Records and carvings found in excavations in Mexico City showed exchange rates for cocoa beans as early Mayan and Aztec cultures used cocoa beans as currency. Back in the day, five cocoa beans could buy you a chicken, thirty could buy a cow, one hundred beans for a slave and the list went on. 

Back then choclate was not eaten but rather it was turned into a drink. Not like hot chocolate we have today, but a bitter chocolate that was used mostly by the rich and powerful for ceremonies, weddings and such. Warriors were given this chocolate drink to prepare for battles and as reward for victory. As time went on and cocoa beans became more available to the masses and chocolate became even more popular and sought after. Families would make a simple chocolate paste by crushing cocoa nibs on a marble block, then adding a small amount of honey, allspice and paprika. The chocolate paste could be used as a spread by itself or added to other dishes. 

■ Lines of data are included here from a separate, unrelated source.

Theorem theorem7 :
  (~ exists Ax : form unit -> Prop, bad_theory Ax) /\
  (~ exists Ax : form bool -> Prop, bad_theory Ax).
Proof.
split=> -[Ax [Ax_closed [not_si [not_sf [cvx fmp]]]]]; apply: not_sf.
  exact: unit_stably_finite.
exact: bool_stably_finite.
Qed.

Our guide at the chocolate company made some of this paste right in front of us to try. It was not a typical Hershey's chocolate that was for sure. It was stronger, almost seventy percent cocoa, still slighty crunchy as not all of the nibs were crushed and the allspice and paprika added some unique flavors not found in American or European chocolate products. This type of chocolate is still being made today in Mayan kitchens throughout Central America. 

It wasn't until Spanish explorers came to Central America that chocolate was introduced to the world. At one point in history, there was an official exchange rate for cocoa beans and the Spanish Real (dollar). As Europe’s demand for chocolate grew, slave traders would bring Africans to Central America to work cocoa plantations. But in 1828, the introduction of the cocoa press, by Conrad Van Houghton of Amsterdam, increased demand for cocoa beans even more. 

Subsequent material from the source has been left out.